Катерина всплеснула руками, острый носик ее побелел, она быстро перекрестилась.
— Свят, свят… убить. И за мешок золота не убью.
— А вот они убили. Как же их в тюрьму не посадить?
Из показаний Катерины Богушевич узнал, что убитая и убийцы жили между собой в мире, ссужали друг друга солью, деньгами, бывало, и ссорились и мирились, ходили в гости. Тихо жили, по закону, исповедовали православную веру.
— А что еще знаете по этому делу? Что еще можете рассказать?
— Так все я рассказала, паночку. Что вам от меня надо, чего мучите, смилуйтесь. Ничего я не знаю. Не я убила Параску, я там и близко не была.
— Не мучаю я вас, а хочу, чтобы вы рассказали про Серафиму и Насту и про все, что знаете, а вы не хотите говорить.
— Боже, так я и думала, что вы про седло дознаетесь. Про это проклятое, поганое седло, чтоб оно сгорело! Чтоб у него, моего сыночка, руки отнялись, когда он то седло брал, чтоб черт его напугал…
Богушевич удивленно и недоуменно поглядел на Катерину.
— Про какое седло вы говорите? Не понимаю вас, Екатерина Герасимовна. При чем тут седло?
— Все вы, пан, понимаете, все знаете. На то вы и учены, чтобы все знать. Мой сын Антипка гостил в Корольцах да и привез оттуда седло. Говорит, в кустах нашел.
«А ведь из конюшни Глинской-Потапенко действительно пропало седло, вспомнил Богушевич. — Так, может, это оно и есть».
— Так прямо из Корольцов и приволок седло? — спросил Богушевич нарочито равнодушным тоном, словно это его совсем не интересовало. — А зачем ему седло?
— Вот и я ему говорю: на что тебе седло? Ты что, женку свою оседлаешь, как оженишься, скакать будешь на ней?
— Новое седло, хорошее?
— Куда там. Старое. Врет, негодник, что нашел в кустах. Разве седло потеряешь? Это ж не шапка, не кошелек с деньгами, что можно с пьяных глаз уронить. Вот мой муженек пошел к портному кожух купить, а вернулся и без денег, и без кожуха. Потерял, говорит…
— Где оно теперь, седло это?
— А у нас на чердаке, в соломе, — сказала они тихо, как по секрету, подавшись вперед. — Говорю: спрячь, дурень, чтоб люди не видели… Ну вот, паночку, и все про седло. А про Серафиму и Параску я тоже все рассказала.
— Что ж, спасибо и за это. — Богушевич молча, на отдельном листе записал то, что она рассказала ему про седло, потом спросил: — А как же ваш Антипка это седло домой притащил?
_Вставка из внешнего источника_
Lemma mismatches_large_shift D : 2 * a + L = 4 * m + D -> d < D <= 9 * d ->
  d < mismatches s a L.
Proof.
move=> hc /andP [dD D9]; have [J eJ] : exists J, D = J.+1 by exists D.-1; lia.
have hJ : J * J.+1 + J.+1 + d < 91 * (d * d) by nia.
apply: (@mismatches_nu_shift D d.+1 (fun u => J * J.+1 + u)) => //.
- by move=> u v _ _ /addnI.
- by move=> u hu; split; nia.
- move=> u hu; rewrite nth_nu_prefix_one; [|lia|nia].
  by rewrite eJ -addnA [u + _]addnC addnA nth_nu_prefix_zero //; lia.
Qed.

Lemma mismatches_sxy_gt_right : 4 * m <= 2 * a + L ->
  count id x <= 2 * d + 1 -> count id x + count id y <= 3 * d + 1 -> ham x y = d.+1 ->
  d < mismatches s a L.
Proof.
move=> hc cx cxy hxy.
have [D hD] : exists D, 2 * a + L = 4 * m + D by exists (2 * a + L - 4 * m); lia.
case: (posnP D) => [D0|D0].
  by rewrite -hxy ham_le_mismatches_centered //; lia.
case: (leqP D d) => [Dd|dD]; first by apply: (mismatches_small_shift hD); rewrite D0.
case: (leqP D (9 * d)) => [D9|D9]; first by apply: (mismatches_large_shift hD); rewrite dD.
have hM : size (x ++ rev y) = 2 * m by rewrite size_cat size_rev hx hy; lia.
(* At least N/2 ones among the first N letters of nu, at most 2d+1 (resp. 3d+1)
   ones in the part of x y^R they face: N = 6d+4 (resp. 8d+4) leaves d+1. *)
case: (leqP D m) => [Dm|Dm].
- have := @half_count_nu_prefix m (6 * d + 4) ltac:(nia).
  have := @count_nu_prefix_le_mismatches D (6 * d + 4) m hD
    ltac:(lia) ltac:(lia) ltac:(nia) ltac:(nia).
  rewrite (@count_nth_iota (x ++ rev y)) ?hM ?take_size_cat //; lia.
- have := @half_count_nu_prefix m (8 * d + 4) ltac:(nia).
  have := @count_nu_prefix_le_mismatches D (8 * d + 4) (2 * m) hD
    ltac:(lia) ltac:(lia) ltac:(nia) ltac:(nia).
  rewrite (@count_nth_iota (x ++ rev y)) -hM ?take_size ?count_cat ?count_rev //; lia.
Qed.

End Window.

Lemma mismatches_sxy_gt m d x y a L : size x = m -> size y = m ->
  0 < d -> 100 * (d * d) <= m ->
  count id x <= 2 * d + 1 -> count id y <= 2 * d + 1 -> count id x + count id y <= 3 * d + 1 ->
  ham x y = d.+1 -> a + L <= 4 * m -> 2 * m + 200 * (d * d) < L ->
  d < mismatches (sxy m x y) a L.
Proof.
move=> hx hy hd hm cx cy cxy hxy haL hL.
case: (leqP (4 * m) (2 * a + L)) => hc; first exact: mismatches_sxy_gt_right.
rewrite -mismatches_rev size_sxy // rev_sxy.
by apply: mismatches_sxy_gt_right; rewrite 1?ham_sym //; lia.
Qed.

Theorem lemma7p2 :
  exists K N : nat, forall n d : nat,
    N <= n -> 4 %| n -> 1 <= d -> K * (d * d) <= n ->
    forall x y : seq bool,
      size x = n %/ 4 -> count id x = d ->
      size y = n %/ 4 -> ham x y = d.+1 ->
      forall t : seq bool, infix t (s_xy n x y) -> near_pal d t ->
        size t <= 200 * (d * d) + n %/ 2.
Proof.
exists 400, 0 => n d _ /dvdnP [m ->] hd hK x y.
have hs : s_xy (m * 4) x y = sxy m x y by rewrite /s_xy mulnK.
rewrite hs (mulnK m (isT : 0 < 4)) => hx cx hy hxy t ht hpal.
have [a] := near_pal_infix ht hpal; rewrite size_sxy // => haL hmis.
have cy : count id y <= count id x + ham x y by apply: count_le_ham; rewrite hx hy.
have -> : m * 4 %/ 2 = 2 * m by rewrite -(mulnK (2 * m) (isT : 0 < 2)); congr divn; lia.
rewrite leqNgt; apply/negP => hL.
have := @mismatches_sxy_gt m d x y a (size t) hx hy hd; lia.
Qed.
На плечах? Путь неблизкий.
— На каких плечах? Брат мой Симон привез на телеге.
— Симон, брат ваш? А фамилия его?
— Иванюк. Он меня старше, в Корольцах живет. Я ж оттуда замуж в Конотоп вышла. Паночку, а на что вы это все записываете?
— Да так, чтобы знать фамилию вашего брата Симона.
До нее что-то дошло, заподозрила недоброе, острый носик побелел, глаза слезливо заморгали.
— Так это я, дурная, вон что вам наговорила, теперь Антипку и Симона посадите… — Растерянная, напуганная, Катерина заплакала.
Богушевич подошел к ней, стал успокаивать.
— Послушайте меня внимательно, — дотронулся он до ее плеча. — Про седло никому не говорите… Лежит на чердаке в соломе? Ну и пусть лежит. Понадобится — заберем. А так никто не должен о нем знать. Только не вздумайте продавать его. Ладно?
Катерина вытерла глаза фартуком, перестала плакать, молча закивала головой.
— Не станем продавать, не станем. Только не забирайте Антипку.
— Да не заберу я его. А теперь подождите, пожалуйста, в коридоре. Я вас потом вызову.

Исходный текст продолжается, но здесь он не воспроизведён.